В этом процессе зрение есть отчуждающий фактор, осязание – присваивающий. Игра очуждения-присвоения осуществляется в смене созерцаний и прикосновений. Но и внутри каждого из этих двух восприятий ведется своя игра присвоения-очуждения. Достаточно тыльной стороной руки провести по той выпуклости, которую я только что горячо сжимал, – и эта выпуклость остраняется, как бы слегка охлаждается, чтобы минуту спустя я заново мог жадно ее вбирать и присваивать ладонью. И, наоборот, мой взгляд, который только что бродил по очертаниям другого тела, обозревая ту «чужую землю», на которую я вскоре вступлю завоевателем, вдруг перестает быть отчуждающе-соглядатайским, втягиваясь в воронку другого, желающего меня взгляда, растворяясь в нем. Когда глаза смотрят в глаза – это такой же способ взаимного касания зрением как осязание тыльной стороной руки естьостранение кожей.

Таким образом, внутри эротологии очерчивается особый раздел – поэтика соития (которая примерно так же относится к эротологии в целом, как поэтика конкретного произведения – к литературоведению). В самой будничной и упорядоченной жизни есть свои маленькие авантюры. Каждая ночь имеет свой сюжет, захватывающий своей непредсказуемостью, свою связь эротем. То, чего так не хватает социально-профессиональной жизни большинства людей, погруженных в бытовую рутину, отчасти восполняется этими ночными авантюрами. У каждого соития есть своя композиция, свои мотивы и лейтмотивы, свое сцепление предметных деталей. Прикоснуться губами или перевернуться со спины на живот – это уже поворот сюжета, начало новой главы. Чередуются ускорение и замедление, работа и отдых, ритм и аритмичные паузы, дыхание и поцелуи, лопатки и плечи… При этом эротика создает свои типы условности, свои телесные гротески и фантазмы, свои гиперболы и литоты, для которых эротологии – с помощью теории искусства и словесности – еще предстоит выработать свой собственный язык.

Секс – эрос – любовь

В размышлениях об эросе обычно выделяется два уровня: секс – и эрос, или пол – и любовь. Например, Николай Бердяев пишет: «Мне всегда думалось, что нужно делать различие между эросом и сексом, любовью-эросом и физиологической жизнью пола»[2]. На самом деле строение этой сферы не двух-, а, по крайней мере, трехступенчатое.

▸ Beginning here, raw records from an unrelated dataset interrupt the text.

(* Let $Z=\{P_1,\dots,P_r\}\subset\mathbb{P}^2$ be a finite set of points, let $m>n$ be positive integers and $\alpha=\alpha(I(mZ))-\alpha(I(nZ))$. Let $C$ be an effective divisor of degree $\alpha(I(mZ))$ with $\operatorname{ord}_{P_i}C\ge m$ for all $i$, and let $C=\sum_j a_jC_j$ be its decomposition into distinct irreducible components with multiplicities $a_j\ge1$. Put $\gamma_j=\deg(C_j)$, $m_i^{(j)}=\operatorname{ord}_{P_i}C_j$, $\mathbf{m}^{(j)}=(m_1^{(j)},\dots,m_r^{(j)})$, $n_i^{(j)}=\max\{m_i^{(j)}-(m-n),0\}$, $\mathbf{n}^{(j)}=(n_1^{(j)},\dots,n_r^{(j)})$. Then for each $j$: (i) $\gamma_j=\alpha(I(\mathbf{m}^{(j)}Z))$; (ii) $\alpha(I(\mathbf{m}^{(j)}Z))-\alpha(I(\mathbf{n}^{(j)}Z))\le\alpha$.
   Context: Work over an algebraically closed field $\mathbb{K}$ of characteristic zero, $R=\mathbb{K}[x_0,x_1,x_2]$. For a point $P\in\mathbb{P}^2$, $I(P)\subset R$ is its homogeneous maximal ideal. For $Z=\{P_1,\dots,P_r\}$ and non-negative integers $\mathbf{m}=(m_1,\dots,m_r)$, $I(\mathbf{m}Z)=I(P_1)^{m_1}\cap\dots\cap I(P_r)^{m_r}$ (with $I(P)^0=R$); $I(mZ)$ is this with all $m_i=m$. For a homogeneous ideal $J$, $\alpha(J)=\min\{n: J_n\neq0\}$ is its initial degree (so $\alpha(R)=0$). $\operatorname{ord}_P$ denotes multiplicity of a divisor at $P$. *)

From HB Require Import structures.
From mathcomp Require Import all_boot all_order all_algebra.
From mathcomp Require Import mpoly.
From Stdlib Require Import ClassicalEpsilon.
Set Implicit Arguments. Unset Strict Implicit. Unset Printing Implicit Defensive.
Import Order.TTheory GRing.Theory Num.Theory.
Local Open Scope ring_scope.

Section Defs.
Variable K : fieldType.

(* R = K[x0,x1,x2]; a point of P^2 is given by homogeneous coordinates
   v : 'I_3 -> K, v <> 0. *)
Definition pt_nonzero (v : 'I_3 -> K) : Prop := exists i, v i != 0.

Definition same_point (v w : 'I_3 -> K) : Prop := exists c : K, c != 0 /\ v = (fun i => c * w i).

(* a linear form vanishing at P: a generator of the homogeneous maximal ideal I(P) *)
Definition lin_van (P : 'I_3 -> K) (l : {mpoly K[3]}) : Prop :=
  l \is 1.-homog /\ l.@[P] = 0.

(* inIpow P k F  <->  F belongs to I(P)^k (ideal generated by k-fold
   products of elements of I(P); I(P)^0 = R). *)
Inductive inIpow (P : 'I_3 -> K) : nat -> {mpoly K[3]} -> Prop :=
| Ipow0 F : inIpow P 0 F
| Ipow_zero k : inIpow P k 0
| IpowS k g l : inIpow P k g -> lin_van P l -> inIpow P k.+1 (g * l)
| IpowD k F G : inIpow P k F -> inIpow P k G -> inIpow P k (F + G).

(* membership in I(m Z) = \bigcap_i I(P_i)^(m_i) *)
Definition inImZ r (P : 'I_r -> 'I_3 -> K) (ms : 'I_r -> nat) (F : {mpoly K[3]}) : Prop :=
  forall i, inIpow (P i) (ms i) F.

Definition has_deg r (P : 'I_r -> 'I_3 -> K) (ms : 'I_r -> nat) (d : nat) : Prop :=
  exists F : {mpoly K[3]}, [/\ F != 0, F \is d.-homog & inImZ P ms F].

Definition pbool (Q : Prop) : bool :=
  if excluded_middle_informative Q then true else false.

Definition has_degb r (P : 'I_r -> 'I_3 -> K) (ms : 'I_r -> nat) : pred nat :=
  fun d => pbool (has_deg P ms d).

(* alpha(I(m Z)) : initial degree (0 by convention if the ideal were zero,
   which never happens) *)
Definition alpha r (P : 'I_r -> 'I_3 -> K) (ms : 'I_r -> nat) : nat :=
  match excluded_middle_informative (exists d, has_degb P ms d) with
  | left h => ex_minn h
  | right _ => 0%N
  end.

(* ord_P F : largest k with F in I(P)^k (for F nonzero homogeneous such a k
   is at most deg F < msize F) *)
Definition ord (P : 'I_3 -> K) (F : {mpoly K[3]}) : nat :=
  \max_(k < (msize F).+1 | pbool (inIpow P k F)) k.

Definition mirreducible (G : {mpoly K[3]}) : Prop :=
  G != 0 /\ ~~ (G \is a GRing.unit) /\
  forall A B : {mpoly K[3]}, G = A * B -> (A \is a GRing.unit) || (B \is a GRing.unit).

Definition massoc (G H : {mpoly K[3]}) : Prop := exists c : K, c != 0 /\ G = c *: H.

End Defs.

Эротика составляет особый, средний уровень межличностных отношений, который нужно отличать и от сексуальности, и от любви.

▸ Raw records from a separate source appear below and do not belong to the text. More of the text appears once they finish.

(* A Hom-Lie antialgebra: even part E, odd part O, even.even product me,
   even.odd product mo (odd.even := even.odd, by supercommutativity),
   odd.odd bracket br with values in E, twisting maps al, be. *)
Definition is_HLAA {E O : lmodType K} (me : E -> E -> E) (mo : E -> O -> O)
  (br : O -> O -> E) (al : E -> E) (be : O -> O) : Prop :=
  [/\ bilinearP me, bilinearP mo, bilinearP br, linearP al & linearP be] /\
  ((forall x1 x2, me x1 x2 = me x2 x1) /\
      (forall y1 y2, br y1 y2 = - br y2 y1) /\
      (forall x1 x2 x3, me (al x1) (me x2 x3) = me (me x1 x2) (al x3)) /\
      (forall x1 x2 y1, mo (al x1) (mo x2 y1) = 2^-1 *: mo (me x1 x2) (be y1)) /\
      (forall x1 y1 y2, me (al x1) (br y1 y2) = br (mo x1 y1) (be y2) + br (be y1) (mo x1 y2)) /\
      (forall y1 y2 y3, mo (br y2 y3) (be y1) + mo (br y3 y1) (be y2)
                         + mo (br y1 y2) (be y3) = 0)).

Definition is_multiplicative {E O : lmodType K} (me : E -> E -> E) (mo : E -> O -> O)
  (br : O -> O -> E) (al : E -> E) (be : O -> O) : Prop :=
  [/\ (forall x1 x2, al (me x1 x2) = me (al x1) (al x2)),
      (forall x1 y1, be (mo x1 y1) = mo (al x1) (be y1))
    & (forall y1 y2, al (br y1 y2) = br (be y1) (be y2))].

Definition is_mult_HLAA {E O : lmodType K} (me : E -> E -> E) (mo : E -> O -> O)
  (br : O -> O -> E) (al : E -> E) (be : O -> O) : Prop :=
  is_HLAA me mo br al be /\ is_multiplicative me mo br al be.

(* A representation: rho0 x = (r00 x, r01 x) in Hom(V0,V0) (+) Hom(V1,V1),
   rho1 y = (r10 y, r11 y) in Hom(V0,V1) (+) Hom(V1,V0). *)
Definition is_rep {A0 A1 V0 V1 : lmodType K}
  (ame : A0 -> A0 -> A0) (amo : A0 -> A1 -> A1) (abr : A1 -> A1 -> A0)
  (al : A0 -> A0) (be : A1 -> A1) (aV : V0 -> V0) (bV : V1 -> V1)
  (r00 : A0 -> V0 -> V0) (r01 : A0 -> V1 -> V1)
  (r10 : A1 -> V0 -> V1) (r11 : A1 -> V1 -> V0) : Prop :=
  [/\ bilinearP r00, bilinearP r01, bilinearP r10 & bilinearP r11] /\
  ((forall x u, aV (r00 x u) = r00 (al x) (aV u)) /\
      (forall x w, bV (r01 x w) = r01 (al x) (bV w)) /\
      (forall y u, bV (r10 y u) = r10 (be y) (aV u)) /\
      (forall y w, aV (r11 y w) = r11 (be y) (bV w)) /\
      (forall x1 x2 u, r00 (al x1) (r00 x2 u) = r00 (ame x1 x2) (aV u)) /\
      (forall x1 x2 w, r01 (al x1) (r01 x2 w) = 2^-1 *: r01 (ame x1 x2) (bV w)) /\
      (forall x y u, r01 (al x) (r10 y u) = 2^-1 *: r10 (be y) (r00 x u)) /\
      (forall x y u, r10 (amo x y) (aV u) = 2^-1 *: r10 (be y) (r00 x u)) /\
      (forall x y w, r00 (al x) (r11 y w)
                     = r11 (amo x y) (bV w) + r11 (be y) (r01 x w)) /\
      (forall y1 y2 u, r00 (abr y1 y2) (aV u)
                     = r11 (be y1) (r10 y2 u) - r11 (be y2) (r10 y1 u)) /\
      (forall y1 y2 w, r01 (abr y1 y2) (bV w)
                     = - r10 (be y1) (r11 y2 w) + r10 (be y2) (r11 y1 w))).

Definition is_action {A0 A1 V0 V1 : lmodType K}
  (ame : A0 -> A0 -> A0) (amo : A0 -> A1 -> A1) (abr : A1 -> A1 -> A0)
  (al : A0 -> A0) (be : A1 -> A1)
  (vme : V0 -> V0 -> V0) (vmo : V0 -> V1 -> V1) (vbr : V1 -> V1 -> V0)
  (aV : V0 -> V0) (bV : V1 -> V1)
  (r00 : A0 -> V0 -> V0) (r01 : A0 -> V1 -> V1)
  (r10 : A1 -> V0 -> V1) (r11 : A1 -> V1 -> V0) : Prop :=
  is_rep ame amo abr al be aV bV r00 r01 r10 r11 /\
  ((forall x u1 u2, r00 (al x) (vme u1 u2) = vme (r00 x u1) (aV u2)) /\
      (forall x u w, r01 (al x) (vmo u w) = 2^-1 *: vmo (r00 x u) (bV w)) /\
      (forall y u1 u2, vmo (aV u1) (r10 y u2) = 2^-1 *: r10 (be y) (vme u1 u2)) /\
      (forall x u w, vmo (aV u) (r01 x w) = 2^-1 *: vmo (r00 x u) (bV w)) /\
      (forall x w1 w2, r00 (al x) (vbr w1 w2)
                      = vbr (r01 x w1) (bV w2) + vbr (bV w1) (r01 x w2)) /\
      (forall y u w, r11 (be y) (vmo u w)
                      = vme (aV u) (r11 y w) - vbr (r10 y u) (bV w)) /\
      (forall y w1 w2, r10 (be y) (vbr w1 w2)
                      = vmo (r11 y w2) (bV w1) - vmo (r11 y w1) (bV w2))).

Section Semidirect.
Variables (A0 A1 V0 V1 : lmodType K)
  (ame : A0 -> A0 -> A0) (amo : A0 -> A1 -> A1) (abr : A1 -> A1 -> A0)
  (al : A0 -> A0) (be : A1 -> A1)
  (vme : V0 -> V0 -> V0) (vmo : V0 -> V1 -> V1) (vbr : V1 -> V1 -> V0)
  (aV : V0 -> V0) (bV : V1 -> V1)
  (r00 : A0 -> V0 -> V0) (r01 : A0 -> V1 -> V1)
  (r10 : A1 -> V0 -> V1) (r11 : A1 -> V1 -> V0).

Definition sd_me (p q : A0 * V0) : A0 * V0 :=
  (ame p.1 q.1, r00 p.1 q.2 + r00 q.1 p.2 + vme p.2 q.2).
Definition sd_mo (p : A0 * V0) (q : A1 * V1) : A1 * V1 :=
  (amo p.1 q.1, r01 p.1 q.2 + r10 q.1 p.2 + vmo p.2 q.2).
Definition sd_br (p q : A1 * V1) : A0 * V0 :=
  (abr p.1 q.1, r11 p.1 q.2 - r11 q.1 p.2 + vbr p.2 q.2).
Definition sd_al (p : A0 * V0) : A0 * V0 := (al p.1, aV p.2).
Definition sd_be (q : A1 * V1) : A1 * V1 := (be q.1, bV q.2).
End Semidirect.
End Defs.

  • Пол – размножение вида посредством сочетающихся индивидов.
  • Эротика – смертность индивида и его стремление стать всем для себя.
  • Любовь – бессмертие индивида и его способность стать всем для другого.

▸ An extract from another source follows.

(* Let $G$ be a complete edge-colored graph such that for each strong module $M$ of $G$ the quotient graph $G[M]/\mathbb{P}_{\max}(M)$ is a complete edge-colored permutation graph. Then $G$ is a complete edge-colored permutation graph.
   Context: A complete $k$-edge-colored graph $G=(V,E_1,\dots,E_k)$ is the complete graph on a finite set $V$ with edges partitioned into $k$ nonempty color classes $E_i$ (the one-vertex graph also counts); $G_{|i}=(V,E_i)$. A labeling is a bijection $\ell:V\to\{1,\dots,|V|\}$. A graph $(V,E)$ with labeling $\ell$ is a simple permutation graph of a permutation $\pi$ if for all $u,v$ with $\ell(u)>\ell(v)$: $\{u,v\}\in E$ iff $\pi^{-1}(\ell(u))<\pi^{-1}(\ell(v))$. $G$ is a complete edge-colored permutation graph if there exist a labeling $\ell$ and permutations $\pi_1,\dots,\pi_k$ with $(G_{|i},\ell)$ a simple permutation graph of $\pi_i$ for all $i$. A module is a set $M\subseteq V$ such that for every $v\notin M$ all edges $\{u,v\}$, $u\in M$, have the same color; a strong module is a nonempty module comparable by inclusion or disjoint with every other module. For a strong module $M$ with $|M|\ge2$, $\mathbb{P}_{\max}(M)$ is the set of inclusion-maximal strong modules properly contained in $M$, and $G[M]/\mathbb{P}_{\max}(M)$ is the complete graph on $\mathbb{P}_{\max}(M)$ with $\{M_a,M_b\}$ colored by the common color of all edges between $M_a$ and $M_b$; for $|M|=1$ it is the one-vertex graph. *)

From mathcomp Require Import all_boot all_fingroup.
Set Implicit Arguments. Unset Strict Implicit. Unset Printing Implicit Defensive.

По словам Жоржа Батая, «эротизм ей [обезьяне] неведом как раз постольку, поскольку ей недостает знания смерти. И, напротив, из-за того, что мы – люди, из-за того, что мы живем в тревожном ожидании смерти, мы и знаем ожесточенное, отчаянное, буйное насилие эротизма. […] …Эротизм отличается от животной сексуальной импульсивности тем, что он в принципе, так же, как и труд, есть сознательное преследование цели; эротизм есть сознательное искание сладострастия»[3].

 Животные не знают эротики, потому что не знают о своей смертности и не пытаются вобрать как можно больше наслаждения в краткий промежуток жизни. Человек, напротив, «и жить торопится, и чувствовать спешит». Эротика – это интенсивное, многократно усиленное волей и сознанием переживание того, что самопроизвольно случается в сексе. Эротика исходит из ощущения своего смертного «я», которое пытается продлить наслаждение, превзойти служебную функцию совокупления, замкнуть на себя то, что принадлежит роду. Соитие уже не служит инстинкту размножения, но множится само по себе, продлевает себя для себя.

Таким образом, величайшее наслаждение даруется нам нашей смертностью и актом воспроизводства себя в других, который мы превращаем в акт воспроизводства самого наслаждения. Нагота прикрывается, влечение затормаживается, создается множество запретов, в свою очередь порождающих соблазны. Так вырастает область эротики, в которой скорейшая сексуальная разрядка уступает место многоступенчатой игре сближения и остранения. Сознание своей смертности усиливает эротическую напряженность: влечение становится отчаяннее, тела крепче сплетаются, глубже проникают друг в друга на грани грядущего небытия. Кажется, что цепляясь или впиваясь друг в друга, они смогут удержаться на краю этой бездны. Таков предел эротической одержимости, подстегнутой ужасом конца.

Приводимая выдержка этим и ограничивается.